You can find the answer in the redis dict.c source file. Then I will give a part of it.
The iteration works as follows:
- First you call the function using the cursor value (v) 0. 2)
- The function performs one iteration step and returns a new cursor value that you should use in the next call.
- When the return cursor is 0, the iteration is complete.
The function ensures that all elements present in the dictionary are returned between the beginning and end of the iteration. However, some items may be returned several times. For each element returned, the fn callback argument is called with privdata as the first argument, and the entry'de dictionary element is called the second argument.
How it works
The iterative algorithm was developed by Pieter Noordhuis . The basic idea is to increase the cursor starting with higher order bits. That is, instead of the usual cursor, the cursor changes to the opposite, then the cursor increases, and finally, the bits change again.
This strategy is necessary because the hash table can be changed in the range between iterative calls. dict.c hash tables always have a power of two in size, and they use a chain, so the position of the element in this table is determined by calculating the bitwise AND between Hash (key) and SIZE-1 (where SIZE-1 is always a mask that is equivalent to the rest parts of the separation between the key hash and SIZE).
For example, if the current size of the hash table is 16, the mask (in binary form) is 1111. The key position in the hash table will always be the last four bits of the hash output, etc.
What happens if the table changes in size?
If the hash table grows, elements can be moved anywhere on the same edge of the old bucket: for example, suppose we have already iterated using the 4-bit cursor 1100 (mask 1111 because the size of the hash table = 16).

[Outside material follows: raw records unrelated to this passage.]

Lemma pair_moment_le_pow d n m : (1 <= d)%nat -> (2 <= m)%nat ->
  pair_moment d n m <= INR n ^ (2 * d).
Proof.
  intros Hd Hm. destruct (inv_INR_half m Hm) as [[Hx Hx2] Hmx].
  pose proof (pos_INR n). pose proof (pow_le (INR n) (2 * d) ltac:(lra)).
  unfold pair_moment. destruct (le_lt_dec (2 * d) n) as [H2d|H2d];
    [|rewrite multi2R_zero by exact H2d; lra].
  rewrite multi2R_binomR by exact H2d. set (x := / INR m) in *.
  replace (2 / INR m) with (2 * x) by reflexivity.
  destruct (binomR_bounds n d ltac:(lia)) as [B0 B1].
  destruct (binomR_bounds (n - d) d ltac:(lia)) as [B2 B3].
  assert (INR (n - d) ^ d <= INR n ^ d) by (apply pow_incr; split; [apply pos_INR | apply le_INR; lia]).
  assert (Hbin : binomR n d * binomR (n - d) d <= INR n ^ (2 * d)).
  { replace (2 * d)%nat with (d + d)%nat by lia. rewrite pow_add.
    apply Rmult_le_compat; lra. }
  assert (Hscale : 0 <= INR m * (INR m - 1) * x ^ (2 * d) <= 1).
  { assert (Hxx : x ^ (2 * d) = x ^ 2 * x ^ (2 * d - 2)) by (rewrite <- pow_add; f_equal; lia).
    pose proof (pow_unit_interval x (2 * d - 2) ltac:(lra)).
    assert (Hmm : INR m * (INR m - 1) * x ^ 2 = 1 - x).
    { replace (INR m * (INR m - 1) * x ^ 2)
        with ((INR m * x) * (INR m * x) - (INR m * x) * x) by ring.
      rewrite Hmx. ring. }
    rewrite Hxx, <- Rmult_assoc, Hmm. nra. }
  pose proof (pow_unit_interval (1 - 2 * x) (n - 2 * d) ltac:(lra)).
  replace (INR m * (INR m - 1) * (binomR n d * binomR (n - d) d) * x ^ (2 * d) * (1 - 2 * x) ^ (n - 2 * d))
    with (binomR n d * binomR (n - d) d * (INR m * (INR m - 1) * x ^ (2 * d)) * (1 - 2 * x) ^ (n - 2 * d))
    by ring.
  assert (0 <= binomR n d * binomR (n - d) d) by nra.
  assert (binomR n d * binomR (n - d) d * (INR m * (INR m - 1) * x ^ (2 * d)) <= INR n ^ (2 * d)) by nra.
  assert (0 <= binomR n d * binomR (n - d) d * (INR m * (INR m - 1) * x ^ (2 * d))) by nra.
  nra.
Qed.

Lemma sigma2_le_pow d n m : (1 <= d)%nat -> (d <= n)%nat -> (2 <= m)%nat ->
  sigma2 d n m <= INR n ^ d + INR n ^ (2 * d).
Proof.
  intros Hd Hn Hm. rewrite sigma2_pair_moment.
  pose proof (mu_le_pow d n m Hd Hn Hm). pose proof (pair_moment_le_pow d n m Hd Hm).
  pose proof (pow2_ge_0 (mu d n m)). lra.
Qed.
Lemma Zp_coefs_mpolyX m : Zp_coefs 'X_[m].
Proof. by move=> m'; rewrite mcoeffX; apply: in_Zp_nat. Qed.

Lemma Zp_coefsX x n : Zp_coefs x -> Zp_coefs (x ^+ n).
Proof.
move=> px; elim: n => [|n IH]; first by rewrite expr0 -mpolyX0; apply: Zp_coefs_mpolyX.
by rewrite exprS; apply: Zp_coefsM.
Qed.

Lemma Zp_coefs_mderiv i x : Zp_coefs x -> Zp_coefs (mderiv i x).
Proof. by move=> px m; rewrite mcoeff_mderiv; apply: in_ZpMn. Qed.

Hypothesis p_ge5 : (5 <= p)%N.

Lemma Zp_coefs_Dimg i : Zp_coefs (Dimg i).
Proof.
have pX j : Zp_coefs 'X_j := Zp_coefs_mpolyX U_(j).
have pXX j l : Zp_coefs ('X_j * 'X_l) by apply: Zp_coefsM.
have [i12 i3 i2] : [/\ in_Zp p 12%:R^-1, in_Zp p 3%:R^-1 & in_Zp p 2%:R^-1].
  by split; apply: in_Zp_inv_dvd144.
rewrite /Dimg; case: ifP => _; [|case: ifP => _]; rewrite -?expr2.
- by apply: Zp_coefsZ i12 (Zp_coefsB (Zp_coefsX 2 (pX _)) (pX _)).
- by apply: Zp_coefsZ i3 (Zp_coefsB (pXX _ _) (pX _)).
- by apply: Zp_coefsZ i2 (Zp_coefsB (pXX _ _) (Zp_coefsX 2 (pX _))).
Qed.

Lemma Zp_coefs_Dq x : Zp_coefs x -> Zp_coefs (Dq x).
Proof.
move=> px m; rewrite /Dq raddf_sum /=; apply: in_Zp_sum => // i _.
by apply: Zp_coefsM; [apply: Zp_coefs_mderiv | apply: Zp_coefs_Dimg].
Qed.

Lemma Zp_coefs_P12 : Zp_coefs P12.
Proof. by apply: Zp_coefsZ => //; [apply: in_Zp_inv_dvd144 | apply: Zp_coefs_mpolyX]. Qed.

Lemma Zp_coefs_Q144 : Zp_coefs Q144.
Proof. by apply: Zp_coefsZ => //; [apply: in_Zp_inv_dvd144 | apply: Zp_coefs_mpolyX]. Qed.

Lemma Zp_coefs_serre w h : Zp_coefs h -> Zp_coefs (serre w h).
Proof.
move=> ph; apply: Zp_coefsB => //; first by apply: Zp_coefs_Dq.
by apply: Zp_coefsMn => //; apply: Zp_coefsM => //; apply: Zp_coefs_P12.
Qed.

End IntegralCoefficients.

Definition QR_weight (w : nat) (m : 'X_{1..3}) : Prop :=
  m vP = 0%N /\ (4 * m vQ + 6 * m vR)%N = w.

Section ModularForms.

Variable w : nat.

Lemma is_modform0 : is_modform w 0.
Proof. by move=> m; rewrite msupp0. Qed.

Lemma is_modformD x y : is_modform w x -> is_modform w y -> is_modform w (x + y).
Proof. by move=> wx wy m /msuppD_le; rewrite mem_cat => /orP[/wx | /wy]. Qed.

Lemma is_modformZ c x : is_modform w x -> is_modform w (c *: x).
Proof. by move=> wx m /msuppZ_le /wx. Qed.

Lemma is_modformB x y : is_modform w x -> is_modform w y -> is_modform w (x - y).
Proof. by move=> wx wy; rewrite -scaleN1r; apply: is_modformD => //; apply: is_modformZ. Qed.

Lemma is_modformMn x n : is_modform w x -> is_modform w (x *+ n).
Proof. by rewrite -scaler_nat; apply: is_modformZ. Qed.

Lemma is_modform_sum (I : Type) (r : seq I) (P : pred I) (F : I -> mpoly3) :
  (forall i, P i -> is_modform w (F i)) -> is_modform w (\sum_(i <- r | P i) F i).
Proof.
by move=> wF; apply: (big_ind (is_modform w)); [exact: is_modform0 | exact: is_modformD |].
Qed.

End ModularForms.

Lemma is_modform_linear w w' (phi : mpoly3 -> mpoly3) h : linear phi ->
  (forall m, QR_weight w m -> is_modform w' (phi 'X_[m])) ->
  is_modform w h -> is_modform w' (phi h).
Proof.
move=> phi_lin phiX wh.
pose phiL : {linear mpoly3 -> mpoly3} := HB.pack phi (GRing.isLinear.Build _ _ _ _ phi phi_lin).
rewrite (mpolyE h) big_seq -[phi _]/(phiL _) linear_sum; apply: is_modform_sum => m m_h.
by rewrite linearZ; apply: is_modformZ; apply: phiX; apply: wh.
Qed.

Lemma monoQR_modform a b : is_modform (4 * a + 6 * b) (monoQR a b).
Proof.
rewrite /monoQR !mpolyXn -mpolyXD => m /mem_msuppXP <-.
by rewrite !mnmDE !mulmnE !mnm1E !eqxx /=; split; lia.
Qed.

Lemma mpolyX_monoQR (m : 'X_{1..3}) : m vP = 0%N -> 'X_[m] = monoQR (m vQ) (m vR).
Proof.
move=> m_P; rewrite /monoQR !mpolyXn -mpolyXD; congr 'X_[_]; apply/mnmP => i.
rewrite !mnmDE !mulmnE !mnm1E.
case: i => [[|[|[|i]]] lt_i3] //=; rewrite ?mul0n ?mul1n ?addn0 ?add0n.
  by rewrite -[RHS]m_P; congr (m _); apply: val_inj.
all: by congr (m _); apply: val_inj.
Qed.

Lemma serre_modform w h : is_modform w h -> is_modform (w + 2) (serre w h).
Proof.
move=> wh; apply: (is_modform_linear (serre_is_linear w) _ wh) => m [m_P <-].
rewrite mpolyX_monoQR // serre_monoQR.
apply: is_modformD.
- case: (m vQ) => [|a]; first by rewrite mulr0n; apply: is_modform0.
  apply: is_modformMn; apply: is_modformZ.
  by rewrite (_ : _ + 2 = 4 * a + 6 * (m vR).+1)%N; [apply: monoQR_modform | lia].
- case: (m vR) => [|b]; first by rewrite mulr0n; apply: is_modform0.
  apply: is_modformMn; apply: is_modformZ.
  by rewrite (_ : _ + 2 = 4 * (m vQ).+2 + 6 * b)%N; [apply: monoQR_modform | lia].
Qed.

Lemma Q144M_modform w h : is_modform w h -> is_modform (w + 4) (Q144 * h).
Proof.
have Q144M_linear : linear (fun x : mpoly3 => Q144 * x).
  by move=> c x y; rewrite mulrDr scalerAr.
apply: is_modform_linear Q144M_linear _ => m [m_P <-].
rewrite mpolyX_monoQR // /Q144 -scalerAl; apply: is_modformZ.
rewrite (_ : 'X_vQ * _ = monoQR (m vQ).+1 (m vR)); last by rewrite /monoQR exprS mulrA.
by rewrite (_ : _ + 4 = 4 * (m vQ).+1 + 6 * m vR)%N; [apply: monoQR_modform | lia].
Qed.

Definition serre_coef (k m : nat) : nat := (m * (k + m - 1))%N.

(* The pair (G_m, G_(m-1)); the value taken for G_(-1) only ever meets the
   coefficient serre_coef k 0 = 0. *)
Fixpoint serre_pair (k : nat) (f : mpoly3) (m : nat) : mpoly3 * mpoly3 :=
  if m is m'.+1 then
    let G := serre_pair k f m' in
    (serre (k + 2 * m') G.1 - (Q144 * G.2) *+ serre_coef k m', G.1)
  else (f, 0).

Definition serre_seq k f m := (serre_pair k f m).1.

Section SerreSequence.

Variables (k : nat) (f : mpoly3).
Local Notation G := (serre_seq k f).

Lemma serre_seqS m :
  G m.+1 = serre (k + 2 * m) (G m) - (Q144 * G m.-1) *+ serre_coef k m.
Proof. by case: m => [|m] //; rewrite /serre_seq /= /serre_coef !mul0n !mulr0n. Qed.

Lemma Dq_serre_seq m :
  Dq (G m) = G m.+1 + (P12 * G m) *+ (k + 2 * m) + (Q144 * G m.-1) *+ serre_coef k m.
Proof. by rewrite serre_seqS /serre; ring. Qed.

Lemma serre_seq_modform : is_modform k f -> forall m, is_modform (k + 2 * m) (G m).
Proof.
move=> kf m; suff [] : is_modform (k + 2 * m) (G m) /\ is_modform (k + 2 * m.+1) (G m.+1) by [].
elim: m => [|m [IHm IHm1]].
  rewrite serre_seqS /serre_coef mul0n mulr0n subr0 !muln0 addn0.
  by split=> //; apply: serre_modform.
split=> //; rewrite serre_seqS; apply: is_modformB.
  by rewrite (_ : _ + _ = k + 2 * m.+1 + 2)%N; [apply: serre_modform | lia].
by apply: is_modformMn; rewrite (_ : _ + _ = k + 2 * m + 4)%N; [apply: Q144M_modform | lia].
Qed.

Lemma Zp_coefs_serre_seq p : prime p -> (5 <= p)%N ->
  Zp_coefs p f -> forall m, Zp_coefs p (G m).
Proof.
move=> p_prime p_ge5 pf m.
suff [] : Zp_coefs p (serre_pair k f m).1 /\ Zp_coefs p (serre_pair k f m).2 by [].
elim: m => [|m [IH1 IH2]] /=; first by split=> // m; rewrite mcoeff0; apply: in_Zp0.
split=> //; apply: Zp_coefsB => //; first by apply: Zp_coefs_serre.
by apply: Zp_coefsMn => //; apply: Zp_coefsM => //; apply: Zp_coefs_Q144.
Qed.

End SerreSequence.

(* The truncated subtraction in k + n - 1 only matters for k = n = 0, where
   'C(0, j) = 0 for j > 0. *)
Definition Dpow_coef (k n j : nat) : nat := ('C(n, j) * (k + n - 1) ^_ j)%N.

Lemma Dpow_coef0 k n : Dpow_coef k n 0 = 1%N.
Proof. by rewrite /Dpow_coef bin0 ffactn0. Qed.

Lemma Dpow_coef_small k n j : (n < j)%N -> Dpow_coef k n j = 0%N.
Proof. by move=> lt_nj; rewrite /Dpow_coef bin_small. Qed.
(** * Enclosures on the window *)

Lemma in_hull_of_in_box {d : nat} (v : vec d) A As : In A As -> in_box v A -> in_hull v As.
Proof. by move=> HA Hv B HB; apply: HB A HA v Hv. Qed.

Lemma hull_list_head {d : nat} (A : box d) B r Z : In A (hull_list A B r Z).
Proof. by left. Qed.

Lemma hull_list_mid {d : nat} (A : box d) B r Z j : (1 <= j <= r)%nat ->
  In (B j) (hull_list A B r Z).
Proof. by move=> Hj; right; apply: in_or_app; left; apply: in_map; apply/in_seq; lia. Qed.

Lemma hull_list_last {d : nat} (A : box d) B r Z : In Z (hull_list A B r Z).
Proof. by right; apply: in_or_app; right; left. Qed.

Lemma window_cover M h e1 e2 (r : nat) s : 0 < h -> 0 < e1 < h -> 0 < e2 < h ->
  (1 <= r)%nat -> M * h + e1 <= s <= (M + INR r) * h + e2 ->
  (M * h + e1 <= s <= (M + 1) * h) \/
  (exists j : nat, (1 <= j <= r - 1)%nat /\ (M + INR j) * h <= s <= (M + INR j + 1) * h) \/
  ((M + INR r) * h <= s <= (M + INR r) * h + e2).
Proof.
move=> Hh He1 He2 Hr Hs.
case: (Rle_or_lt s ((M + 1) * h)) => H1; first by left; lra.
case: (Rle_or_lt ((M + INR r) * h) s) => H2; first by right; right; lra.
right; left.
set y := (s - M * h) / h.
have Es : s = M * h + y * h by rewrite /y; field; lra.
have Hy0 : 1 < y by apply: (Rmult_lt_reg_r h) => //; lra.
have Hy1 : y < INR r by apply: (Rmult_lt_reg_r h) => //; lra.
have [j [Hj1 Hj2]] := nfloor_ex y ltac:(lra).
exists j; split.
  have : (0 < j)%nat by apply: INR_lt; rewrite /=; lra.
  have : (j < r)%nat by apply: INR_lt; lra.
  lia.
have : INR j * h <= y * h by apply: Rmult_le_compat_r; lra.
have : y * h < (INR j + 1) * h by apply: Rmult_lt_compat_r; lra.
lra.
Qed.

Section Window.
Variables (d p : nat) (tau T : R) (x : R -> vec d) (m mbar : nat) (eps1 eps2 : R)
  (L : nat -> nat -> box d) (C : nat -> nat -> nat -> box d) (Rb Rt : nat -> nat -> box d).
Local Notation h := (hstep p tau).
Local Notation n := (m / p - 1)%nat.
Hypothesis p_ge1 : (1 <= p)%nat.
Hypothesis tau_gt0 : 0 < tau.
Hypothesis mbar_ge1 : (1 <= mbar)%nat.
Hypothesis eps1_bounds : 0 < eps1 < h.
Hypothesis eps2_bounds : 0 < eps2 < h.
Hypothesis T_large : INR (m + mbar + 1) * h + eps2 <= T.
Hypothesis mp_ge1 : (1 <= m / p)%nat.
Hypothesis x_Ck : forall c, Ck_open (S n) (fun u => x u c) (INR n * tau) T.
Hypothesis HL : forall k i : nat, (k <= S n)%nat -> (i <= p)%nat ->
  forall s, (INR m - INR i) * h + eps1 <= s <= (INR m - INR i + 1) * h ->
  exists v, taylor_at ((INR m - INR i) * h + eps1) ((INR m - INR i + 1) * h) k x s v
            /\ in_box v (L k i).
Hypothesis HC : forall k i j : nat, (k <= S n)%nat -> (i <= p)%nat -> (1 <= j <= mbar)%nat ->
  forall s, (INR m - INR i + INR j) * h <= s <= (INR m - INR i + INR j + 1) * h ->
  exists v, taylor_at ((INR m - INR i + INR j) * h) ((INR m - INR i + INR j + 1) * h) k x s v
            /\ in_box v (C k i j).
Hypothesis HR : forall k i : nat, (k <= S n)%nat -> (i <= p)%nat ->
  forall s, (INR m - INR i + INR mbar) * h <= s <= (INR m - INR i + INR mbar) * h + eps2 ->
  exists v, taylor_at ((INR m - INR i + INR mbar) * h)
                      ((INR m - INR i + INR mbar) * h + eps2) k x s v /\ in_box v (Rb k i).
Hypothesis HRt : forall k i : nat, (k <= S n)%nat -> (i <= p)%nat ->
  forall s, (INR m - INR i + INR mbar + 1) * h <= s <= (INR m - INR i + INR mbar + 1) * h + eps2 ->
  exists v, taylor_at ((INR m - INR i + INR mbar + 1) * h)
                      ((INR m - INR i + INR mbar + 1) * h + eps2) k x s v /\ in_box v (Rt k i).

Lemma hstep_gt0 : 0 < h.
Proof. by apply: Rdiv_lt_0_compat => //; apply: lt_0_INR; lia. Qed.
(* Let $\Delta>\delta\geq 1$ be integers, and let $G$ be a graph with $n$ vertices, $m$ edges, maximum degree at most $\Delta$, and minimum degree at least $\delta$. If $\frac{2m}{n}\in\left[\delta,\ \frac{2\Delta\delta}{\Delta+\delta}\right]$, then $$irr(G)\leq 2\Delta m-\delta\Delta n.$$
   Context: All graphs are finite, simple and undirected. For a graph $G$ with edge set $E(G)$ and vertex degrees $d_G(u)$, the irregularity (in the sense of Albertson) is $irr(G)=\sum_{uv\in E(G)}|d_G(u)-d_G(v)|$. *)

From mathcomp Require Import all_boot all_order all_algebra.
Set Implicit Arguments. Unset Strict Implicit. Unset Printing Implicit Defensive.

Definition simple_graph (T : finType) (e : rel T) : Prop :=
  symmetric e /\ irreflexive e.

Definition deg (T : finType) (e : rel T) (x : T) : nat := #|[set y | e x y]|.

Definition edges (T : finType) (e : rel T) : {set {set T}} :=
  [set [set x; y] | x in T, y in T & e x y].

(* Albertson irregularity: sum over edges uv of |d(u) - d(v)|,
   written as max minus min of the degrees of the two endpoints (S is nonempty, so the
   neutral element #|T| of minn is irrelevant). *)
Definition irr (T : finType) (e : rel T) : nat :=
  \sum_(S in edges e) ((\max_(x in S) deg e x) - (\big[minn/#|T|]_(x in S) deg e x)).

From mathcomp Require Import all_boot all_order all_algebra.
From mathcomp Require Import ring lra.
Import Order.TTheory GRing.Theory Num.Theory.

(* Count each edge from both ends, i.e. sum over the 2m darts (x, y). For degrees
   a = deg x and b = deg y in [d, D] one has |a - b| <= 2D - dD/a - dD/b, and summing
   this over all darts gives 2 irr(G) <= 2D * 2m - 2dDn: every vertex x is the tail
   (and the head) of exactly deg x darts, so the terms dD/deg x contribute dD per
   vertex. *)

Lemma set2_eqE (T : finType) (x y u v : T) : x != y -> u != v ->
  ([set x; y] == [set u; v]) = ((x == u) && (y == v)) || ((x == v) && (y == u)).
Proof.
move=> xy uv; apply/eqP/idP => [E|]; last first.
  by case/orP=> /andP[/eqP -> /eqP ->]; rewrite // setUC.
have : x \in [set u; v] by rewrite -E !inE eqxx.
have : y \in [set u; v] by rewrite -E !inE eqxx orbT.
rewrite !inE.
by case/orP=> /eqP ?; case/orP=> /eqP ?; subst; rewrite ?eqxx ?orbT //= in xy *.
Qed.

Lemma big_minn_set2 (T : finType) (F : T -> nat) (k : nat) (x y : T) :
  (forall z, F z <= k)%N -> \big[minn/k]_(z in [set x; y]) F z = minn (F x) (F y).
Proof.
move=> Fk; rewrite -minEnat; apply/le_anti; rewrite le_min !bigmin_le_cond ?inE ?eqxx ?orbT //=.
apply: le_bigmin => [|z]; first by rewrite ge_min leEnat Fk.
by rewrite !inE => /orP[] /eqP ->; rewrite ge_min lexx ?orbT.
Qed.

Section SimpleGraph.

Variables (T : finType) (e : rel T).
Hypothesis (e_sym : symmetric e) (e_irr : irreflexive e).

Lemma edge_neq {x y} : e x y -> x != y.
Proof. by apply: contraTneq => ->; rewrite e_irr. Qed.

Lemma card_darts_of_edge {x y} : e x y ->
  #|[pred p : T * T | e p.1 p.2 && ([set p.1; p.2] == [set x; y])]| = 2.
Proof.
move=> exy; have xy := edge_neq exy.
have -> : 2 = ((x, y) != (y, x)).+1 by rewrite -pair_eqE /= negb_and xy.
rewrite -cards2; apply: eq_card => -[u v]; rewrite !inE -!pair_eqE /=.
have [euv | neuv] := boolP (e u v); first by rewrite set2_eqE // edge_neq.
apply/esym/negbTE; apply: contra neuv.
by case/orP=> /andP[/eqP -> /eqP ->]; rewrite // e_sym.
Qed.

Lemma sum_darts_edges (F : {set T} -> nat) :
  \sum_x \sum_(y | e x y) F [set x; y] = 2 * \sum_(S in edges e) F S.
Proof.
rewrite (pair_big_dep xpredT (fun x y => e x y) (fun x y => F [set x; y])) /=.
rewrite (partition_big (fun p : T * T => [set p.1; p.2]) (mem (edges e))) /=;
  last by move=> [x y] /= exy; apply: imset2_f; rewrite ?inE.
rewrite big_distrr /=; apply: eq_bigr => S /imset2P[x y _]; rewrite inE => exy ->.
rewrite (eq_bigr (fun _ => F [set x; y])); last by move=> p /andP[_ /eqP ->].
by rewrite sum_nat_const -(card_darts_of_edge exy) mulnC.
Qed.

Lemma handshake : \sum_x deg e x = 2 * #|edges e|.
Proof.
rewrite -sum1_card -(sum_darts_edges (fun _ => 1)).
by apply: eq_bigr => x _; rewrite sum1_card /deg cardsE.
Qed.

Lemma irr_darts :
  2 * irr e = \sum_x \sum_(y | e x y) (maxn (deg e x) (deg e y) - minn (deg e x) (deg e y)).
Proof.
rewrite /irr -sum_darts_edges; apply: eq_bigr => x _; apply: eq_bigr => y exy.
rewrite big_setU1 /= ?inE ?edge_neq // big_set1 big_minn_set2 // => z.
by rewrite /deg max_card.
Qed.

Lemma sum_darts_tail (R : nmodType) (F : T -> R) :
  (\sum_x \sum_(y | e x y) F x = \sum_x F x *+ deg e x)%R.
Proof. by apply: eq_bigr => x _; rewrite sumr_const /deg cardsE. Qed.

Lemma sum_darts_head (R : nmodType) (F : T -> R) :
  (\sum_x \sum_(y | e x y) F y = \sum_x \sum_(y | e x y) F x)%R.
Proof.
rewrite (exchange_big_dep xpredT) //=; apply: eq_bigr => y _.
by apply: eq_bigl => x; rewrite e_sym.
Qed.

End SimpleGraph.

Local Open Scope ring_scope.

Lemma natr_maxnBminn (R : numDomainType) (a b : nat) :
  (maxn a b - minn a b)%N%:R = `|a%:R - b%:R| :> R.
Proof.
wlog ab : a b / (a <= b)%N.
  by move=> H; case/orP: (leq_total a b) => /H; rewrite // maxnC minnC distrC.
by rewrite (maxn_idPr ab) (minn_idPl ab) natrB // distrC ger0_norm // subr_ge0 ler_nat.
Qed.

Lemma absB_le_bounds (R : realFieldType) (a b d D : R) :
  0 < d -> d <= a <= D -> d <= b <= D ->
  `|a - b| <= 2 * D - d * D / a - d * D / b.
Proof.
move=> d0; wlog ab : a b / a <= b.
  move=> H ha hb; case/orP: (le_total a b) => [ab|ba]; first exact: H.
  by rewrite distrC addrAC; apply: H.
move=> /andP[da aD] /andP[db bD].
have a0 : 0 < a by apply: lt_le_trans da.
have b0 : 0 < b by apply: lt_le_trans db.
have -> : 2 * D - d * D / a - d * D / b = (2 * D * a * b - d * D * b - d * D * a) / (a * b).
  by field; rewrite ?gt_eqF.
rewrite ler_pdivlMr ?mulr_gt0 // distrC ger0_norm ?subr_ge0 // -subr_ge0.
have -> : 2 * D * a * b - d * D * b - d * D * a - (b - a) * (a * b)
  = a * ((b - a) * (D - b)) + D * ((a + b) * (a - d)) by ring.
have slack1 : 0 <= (b - a) * (D - b) by rewrite mulr_ge0 // subr_ge0.
have slack2 : 0 <= (a + b) * (a - d) by rewrite mulr_ge0 ?subr_ge0 // addr_ge0 // ltW.
by rewrite addr_ge0 // mulr_ge0 // ltW // (lt_le_trans d0 (le_trans da aD)).
Qed.

Theorem proposition2 (T : finType) (e : rel T) (Delta delta : nat) :
  simple_graph e ->
  (1 <= delta)%N -> (delta < Delta)%N ->
  (0 < #|T|)%N ->
  (forall x : T, deg e x <= Delta)%N ->
  (forall x : T, delta <= deg e x)%N ->
  (delta * #|T| <= 2 * #|edges e|)%N ->
  (2 * #|edges e| * (Delta + delta) <= 2 * Delta * delta * #|T|)%N ->
  ((irr e)%:Z <= (2 * Delta * #|edges e|)%:Z - (delta * Delta * #|T|)%:Z)%R.
Proof.
move=> [e_sym e_irr] delta_gt0 _ _ degD degd _ _.
rewrite lerBrDr -PoszD lez_nat -(ler_nat rat) natrD !natrM.
set m := #|edges e|; set n := #|T|.
pose d_ x : rat := (deg e x)%:R; pose c : rat := delta%:R * Delta%:R.
have d_gt0 x : 0 < d_ x by rewrite ltr0n (leq_trans delta_gt0).
have d_bounds x : delta%:R <= d_ x <= Delta%:R by rewrite !ler_nat degd degD.
have sum_inv : \sum_x \sum_(y | e x y) c / d_ x = c * n%:R.
  rewrite sum_darts_tail (eq_bigr (fun=> c)) ?sumr_const ?mulr_natr // => x _.
  by rewrite -mulr_natr divfK ?gt_eqF.
have two_irr :
    (2 * irr e)%N%:R <= \sum_x \sum_(y | e x y) (2 * Delta%:R - c / d_ x - c / d_ y).
  rewrite irr_darts // natr_sum; apply: ler_sum => x _; rewrite natr_sum.
  apply: ler_sum => y _; rewrite natr_maxnBminn.
  by apply: absB_le_bounds; rewrite ?ltr0n ?d_bounds.
have sum_const : \sum_x \sum_(y | e x y) 2 * Delta%:R = 2 * Delta%:R * (2 * m)%N%:R :> rat.
  rewrite sum_darts_tail -handshake // natr_sum mulr_sumr.
  by apply: eq_bigr => x _; rewrite [RHS]mulr_natr.
move: two_irr; under eq_bigr => x _ do rewrite !sumrB.
rewrite !sumrB sum_const sum_darts_head // sum_inv !natrM /c; lra.
Qed.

If the hash table is changed to 64 elements, the new mask will be 111111. The new buckets that you get, replacing 1100 with 0 or 1, can only target keys that we have already visited when scanning the 1100 bucket in a smaller hash table.
Iterating the most significant bits first, the cursor does not need to be restarted due to the inverted counter if the table becomes larger. It will continue to iterate using cursors without the “1100” at the end, as well as without any other combination of the last 4 bits that have already been explored.
Similarly, when the size of the table decreases over time, for example, from 16 to 8, if the combination of the three lower bits (mask for size 8 is 111) has already been fully explored, it will not be visited again, because we are sure that we tried, for example, both 0111 and 1111 (all variants of a higher bit), so we do not need to test it again.
Wait ... You have two tables during paraphrasing!
Yes, it’s true, but first we first iterate over the smaller table, then check all the extensions of the current cursor to the large table. For example, if the current cursor is 101, and we also have a large table of size 16, we also test (0) 101 and (1) 101 inside the larger table. This reduces the problem to only one table, where the larger, if it exists, is simply an extension of the smaller.
Limitations
This iterator is completely stateless, and this is a huge advantage, including the lack of additional memory. Disadvantages resulting from this design:
- Maybe we will return the items more than once. However, this is usually easy to handle at the application level.
- The iterator should return several elements for each call, since it should always return all keys bound in this bucket, and all extensions, so we are sure that we will not miss the keys that move during the reboot.
- The back cursor is hard to understand at first, but this comment should help.